## EXERCISE DESCRIPTION
Which lines below contain "truncE"? Copy every one of them.

RECORDS FOR THIS EXERCISE: Begin

(* Let $\mathcal S$ be a trajectory set satisfying $\bar\sigma(0)\ge0$. If $\bar I(f)=\bar\sigma(f)$ for every $f\in(\mathcal L^1_{(L)})^+$, then the hedging price integral $\int_{(L)}:\mathcal L^1_{(L)}\to\mathbb R$ is strictly positive, i.e. for every $f\in(\mathcal L^1_{(L)})^+$ with $\int_{(L)}f=0$, $f$ is a null function.
   Context: Fix $s_0\in\mathbb R$. A trajectory set is any set $\mathcal S$ of real sequences $S=(S_j)_{j\in\mathbb N_0}$ with $S_0=s_0$. A simple portfolio $(V,n,H)$ consists of $V\in\mathbb R$, $n\in\mathbb N$ and nonanticipating functions $H_i:\mathcal S\to\mathbb R$, $0\le i\le n-1$ (i.e. $H_i(S)=h_i(S_0,\dots,S_i)$ for some arbitrary $h_i:\mathbb R^{i+1}\to\mathbb R$). Its wealth is $\Pi^{V,n,H}_j(S)=V+\sum_{i=0}^{\min\{j,n\}-1}H_i(S)(S_{i+1}-S_i)$ and $\Pi^{V,n,H}_\infty:=\Pi^{V,n,H}_n$; it is positive if $V\ge0$ and $\Pi^{V,n,H}_\infty\ge0$ on $\mathcal S$. A generalized portfolio is a sequence $(V_m,n_m,H_m)_{m\in\mathbb N_0}$ of simple portfolios, positive for every $m\ge1$; it is a positive generalized portfolio if moreover $\Pi^{V_0,n_0,H_0}_j\equiv0$ for all $j$. A map $f:\mathcal S\to[-\infty,+\infty]$ is superhedged with initial endowment $V=\sum_{m=0}^\infty V_m\in(-\infty,+\infty]$ by such a portfolio if $f\le\sum_{m=0}^\infty\Pi^{V_m,n_m,H_m}_\infty$ on $\mathcal S$. For $f\ge0$, $\bar I(f)$ is the infimum of initial endowments of positive generalized portfolios superhedging $f$; $\bar\sigma(f)$ is the infimum of initial endowments of generalized portfolios superhedging $f$. Let $\mathcal E=\{\Pi^{V,n,H}_\infty\}$ over all simple portfolios. Under $\bar\sigma(0)\ge0$, $I(\Pi^{V,n,H}_\infty):=V$ is a well-defined linear functional on $\mathcal E$. Define $\|f\|:=\bar I(|f|)$; $f$ is a null function if $\|f\|=0$. Let $\mathcal F$ be the space of real-valued $f$ with $\|f\|<\infty$ and $\mathcal E'=\{f\in\mathcal E:\|f\|<\infty\}$. Under $\bar\sigma(0)\ge0$, $I|_{\mathcal E'}$ is $\|\cdot\|$-continuous; $\mathcal L^1_{(L)}$ is the $\|\cdot\|$-closure of $\mathcal E'$ in $\mathcal F$ and $\int_{(L)}$ the unique $\|\cdot\|$-continuous linear extension of $I|_{\mathcal E'}$ to $\mathcal L^1_{(L)}$; it satisfies $\int_{(L)}f=\bar\sigma(f)$ for $f\in\mathcal L^1_{(L)}$. $(\mathcal L^1_{(L)})^+$ denotes the nonnegative elements of $\mathcal L^1_{(L)}$. *)

From HB Require Import structures.
From mathcomp Require Import all_boot all_order all_algebra.
From mathcomp Require Import all_classical all_reals all_analysis.
Set Implicit Arguments. Unset Strict Implicit. Unset Printing Implicit Defensive.
Import Order.TTheory GRing.Theory Num.Theory.
Import numFieldNormedType.Exports.
Local Open Scope classical_set_scope.
Local Open Scope ring_scope.

Section Hedging.
Variable R : realType.

Definition traj := nat -> R.

Definition trajectory_set (s0 : R) (Sset : set traj) :=
  forall S, Sset S -> S 0%N = s0.

Definition nonanticipating (H : nat -> traj -> R) :=
  forall (i : nat) (S S' : traj),
    (forall j : nat, (j <= i)%N -> S j = S' j) -> H i S = H i S'.

Definition simple_portfolio (V : R) (n : nat) (H : nat -> traj -> R) :=
  (0 < n)%N /\ nonanticipating H.

Definition wealth (V : R) (n : nat) (H : nat -> traj -> R) (j : nat) (S : traj) : R :=
  V + \sum_(0 <= i < minn j n) H i S * (S i.+1 - S i).

Definition wealth_inf (V : R) (n : nat) (H : nat -> traj -> R) (S : traj) : R :=
  wealth V n H n S.

Definition positive_portfolio (Sset : set traj) V n H :=
  0 <= V /\ forall S, Sset S -> 0 <= wealth_inf V n H S.

Definition generalized_portfolio (Sset : set traj)
    (V : nat -> R) (n : nat -> nat) (H : nat -> nat -> traj -> R) :=
  (forall m, simple_portfolio (V m) (n m) (H m)) /\
  (forall m, (1 <= m)%N -> positive_portfolio Sset (V m) (n m) (H m)).

Definition positive_generalized_portfolio (Sset : set traj) V n H :=
  generalized_portfolio Sset V n H /\
  (forall (j : nat) S, Sset S -> wealth (V 0%N) (n 0%N) (H 0%N) j S = 0).

(* initial endowment  sum_m V_m  in (-oo,+oo] (terms m >= 1 are >= 0) *)
Definition endowment (V : nat -> R) : \bar R :=
  ((V 0%N)%:E + \sum_(1 <= m <oo) (V m)%:E)%E.

Definition total_wealth (V : nat -> R) (n : nat -> nat) (H : nat -> nat -> traj -> R)
    (S : traj) : \bar R :=
  ((wealth_inf (V 0%N) (n 0%N) (H 0%N) S)%:E +
   \sum_(1 <= m <oo) (wealth_inf (V m) (n m) (H m) S)%:E)%E.

Definition superhedges (Sset : set traj) (f : traj -> \bar R) V n H :=
  forall S, Sset S -> (f S <= total_wealth V n H S)%E.

Definition Ibar (Sset : set traj) (f : traj -> \bar R) : \bar R :=
  ereal_inf [set e | exists V n H, positive_generalized_portfolio Sset V n H /\
                     superhedges Sset f V n H /\ e = endowment V].

Definition sigmabar (Sset : set traj) (f : traj -> \bar R) : \bar R :=
  ereal_inf [set e | exists V n H, generalized_portfolio Sset V n H /\
                     superhedges Sset f V n H /\ e = endowment V].

Definition hnorm (Sset : set traj) (f : traj -> R) : \bar R :=
  Ibar Sset (fun S => (`|f S|)%:E).

Definition null_function (Sset : set traj) (f : traj -> R) := hnorm Sset f = 0%E.

Definition Fspace (Sset : set traj) : set (traj -> R) :=
  [set f | (hnorm Sset f < +oo)%E].

Definition Eprime (Sset : set traj) : set (traj -> R) :=
  [set f | (exists V n H, simple_portfolio V n H /\
              forall S, Sset S -> f S = wealth_inf V n H S) /\
           (hnorm Sset f < +oo)%E].

Definition L1 (Sset : set traj) : set (traj -> R) :=
  [set f | Fspace Sset f /\
     forall eps : R, 0 < eps ->
       exists e, Eprime Sset e /\ (hnorm Sset (fun S => (f S - e S)%R) < eps%:E)%E].

Definition L1plus (Sset : set traj) : set (traj -> R) :=
  [set f | L1 Sset f /\ forall S, Sset S -> 0 <= f S].

(* v is the value of the continuous extension of I|E' at f:
   f is the ||.||-limit of terminal wealths Pi^{V_k,n_k,H_k}_infty in E'
   and v = lim I(Pi^{V_k,n_k,H_k}_infty) = lim V_k *)
Definition is_Lint (Sset : set traj) (f : traj -> R) (v : R) :=
  exists (V : nat -> R) (n : nat -> nat) (H : nat -> nat -> traj -> R),
    (forall k, simple_portfolio (V k) (n k) (H k)) /\
    (forall k, Eprime Sset (wealth_inf (V k) (n k) (H k))) /\
    ((fun k => hnorm Sset (fun S => f S - wealth_inf (V k) (n k) (H k) S)) @ \oo
       --> 0%E) /\
    (V @ \oo --> v).

Definition Lint (Sset : set traj) (f : traj -> R) : R :=
  xget 0 [set v | is_Lint Sset f v].

End Hedging.

From HB Require Import structures.
From mathcomp Require Import all_boot all_order all_algebra.
From mathcomp Require Import all_classical all_reals all_analysis.
From mathcomp Require Import lra.
Import Order.TTheory GRing.Theory Num.Theory.
Import numFieldNormedType.Exports.
Set Implicit Arguments. Unset Strict Implicit.
Local Open Scope classical_set_scope.
Local Open Scope ring_scope.

(* If f >= 0 is approximated in ||.|| by simple wealths Pi_k with prices V_k -> 0, then
   f <= Pi_k + 2 |f - Pi_k| superhedges f with a generalized portfolio of endowment
   about V_k + 2 ||f - Pi_k||, so sigmabar(f) <= 0.  Since ||f|| = Ibar(f) = sigmabar(f)
   and Ibar >= 0, ||f|| = 0.  The existence of such an approximating sequence with
   convergent prices is where sigmabar(0) >= 0 enters: two simple wealths close to the
   same f in ||.|| have close prices, so the prices form a Cauchy sequence. *)

Section Sequences.
Variable R : realType.

Lemma sum_nat_widen_if (x : nat -> R) n m : (n <= m)%N ->
  \sum_(0 <= i < m) (if (i < n)%N then x i else 0) = \sum_(0 <= i < n) x i.
Proof. by move=> nm; rewrite (big_nat_widen _ _ _ xpredT _ nm) [RHS]big_mkcond. Qed.

Lemma cvgn_of_dist_le (u b : R ^nat) : b @ \oo --> 0 ->
  (forall k l, `|u k - u l| <= b k + b l) -> cvgn u.
Proof.
move=> b0 ub; apply: R_complete; apply: cauchy_exP => e e0.
have e20 : 0 < e / 2 by lra.
have [N _ bN] := @cvgr_lt _ _ _ _ _ _ b0 _ e20.
exists (u N), N => // k /= Nk; rewrite -ball_normE /=.
by apply: le_lt_trans (ub N k) _; have := bN N (leqnn N); have := bN k Nk; lra.
Qed.

Lemma cvge0_lt (f : nat -> \bar R) (e : R) : 0 < e -> f @ \oo --> 0%E ->
  \forall k \near \oo, (f k < e%:E)%E.
Proof. by move=> e0 f0; exact: f0 _ (@nbhs_open_ereal_lt _ 0 (fun=> e) e0). Qed.

End Sequences.

Section SimplePortfolios.
Variable R : realType.
Implicit Types (V a b : R) (n : nat) (H : nat -> traj R -> R).

(* The strategies are cut off at their horizons, beyond which they are arbitrary. *)
Definition strategy_lincomb a b n H n' H' : nat -> traj R -> R :=
  fun i S => a * (if (i < n)%N then H i S else 0) + b * (if (i < n')%N then H' i S else 0).

Lemma wealth_infE V n H S :
  wealth_inf V n H S = V + \sum_(0 <= i < n) H i S * (S i.+1 - S i).
Proof. by rewrite /wealth_inf /wealth minnn. Qed.

Lemma wealth_inf_lincomb a b V n H V' n' H' S :
  wealth_inf (a * V + b * V') (maxn n n') (strategy_lincomb a b n H n' H') S =
  a * wealth_inf V n H S + b * wealth_inf V' n' H' S.
Proof.
have truncE m (G : nat -> traj R -> R) i :
    (if (i < m)%N then G i S else 0) * (S i.+1 - S i) =
    if (i < m)%N then G i S * (S i.+1 - S i) else 0.
  by case: ifP; rewrite ?mul0r.
rewrite !wealth_infE /strategy_lincomb.
under eq_bigr do rewrite mulrDl -!mulrA !truncE.
rewrite big_split /= -!mulr_sumr !sum_nat_widen_if ?leq_maxl ?leq_maxr //.
by rewrite !mulrDr; lra.
Qed.

Lemma simple_portfolio_lincomb a b V n H V' n' H' :
  simple_portfolio V n H -> simple_portfolio V' n' H' ->
  simple_portfolio (a * V + b * V') (maxn n n') (strategy_lincomb a b n H n' H').
Proof.
move=> [n0 nH] [_ nH']; split; first by rewrite (leq_trans n0) ?leq_maxl.
by move=> i S S' eqS; rewrite /strategy_lincomb (nH i S S' eqS) (nH' i S S' eqS).
Qed.

End SimplePortfolios.

Section Superhedging.
Variables (R : realType) (Sset : set (traj R)).

Lemma eq_Ibar (g g' : traj R -> \bar R) :
  (forall S, Sset S -> g S = g' S) -> Ibar Sset g = Ibar Sset g'.
Proof.
move=> gg; rewrite /Ibar; congr ereal_inf; apply/funext => e; apply/propext.
by split=> -[V [n [H [P [sh ->]]]]]; exists V, n, H; split=> //; split=> // S SS;
  [rewrite -gg | rewrite gg] => //; exact: sh.
Qed.

Lemma eq_hnorm (f f' : traj R -> R) :
  (forall S, Sset S -> f S = f' S) -> hnorm Sset f = hnorm Sset f'.
Proof. by move=> ff; apply: eq_Ibar => S SS; rewrite ff. Qed.

Lemma Ibar_lt_exists g (a : R) : (Ibar Sset g < a%:E)%E ->
  exists V n H, positive_generalized_portfolio Sset V n H /\
    superhedges Sset g V n H /\ (endowment V < a%:E)%E.
Proof. by move=> /ereal_inf_lt [_ [V [n [H [P [sh ->]]]]] lt]; exists V, n, H. Qed.

(* On an empty trajectory set everything is superhedged by a negative cash position. *)
Lemma nonempty_of_sigmabar0_ge0 :
  (0 <= sigmabar Sset (fun _ => 0%E))%E -> exists S, Sset S.
Proof.
move=> s0; apply: contrapT => nS.
have {}nS S : ~ Sset S by move=> SS; apply: nS; exists S.
have : (sigmabar Sset (fun _ => 0%E) <= (-1)%:E)%E.
  apply: ge_ereal_inf; exists (-1)%:E => //.
  exists (fun m => if m is 0%N then -1 else 0), (fun _ => 1%N), (fun _ _ _ => 0).
  split; [split|split].
  - by move=> m; split.
  - by move=> [//|m] _; split=> // S /nS.
  - by move=> S /nS.
  - by rewrite /endowment /= eseries0 ?adde0 //; case.
by move=> /(le_trans s0); rewrite lee_fin; lra.
Qed.

Section Nonempty.
Hypothesis Sset_nonempty : exists S, Sset S.

Lemma pgp_price0 V n H : positive_generalized_portfolio Sset V n H -> V 0%N = 0.
Proof.
have [S SS] := Sset_nonempty; move=> [_ W]; have := W 0%N S SS.
by rewrite /wealth min0n big_geq // addr0.
Qed.

Lemma pgp_wealth0 V n H : positive_generalized_portfolio Sset V n H ->
  forall S, Sset S -> wealth_inf (V 0%N) (n 0%N) (H 0%N) S = 0.
Proof. by move=> [_ W] S; exact: W. Qed.

Lemma pgp_endowmentE V n H : positive_generalized_portfolio Sset V n H ->
  endowment V = (\sum_(1 <= m <oo) (V m)%:E)%E.
Proof. by move=> P; rewrite /endowment (pgp_price0 P) add0e. Qed.

Lemma Ibar_ge0 g : (0 <= Ibar Sset g)%E.
Proof.
apply/ereal_infP => _ [V [n [H [P [_ ->]]]]]; rewrite (pgp_endowmentE P).
apply: nneseries_ge0 => m m1 _.
by rewrite lee_fin; case: P => [[_ pos] _]; case: (pos m m1).
Qed.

RECORDS FOR THIS EXERCISE: End

## WRITTEN ANSWER
have truncE m (G : nat -> traj R -> R) i :
under eq_bigr do rewrite mulrDl -!mulrA !truncE.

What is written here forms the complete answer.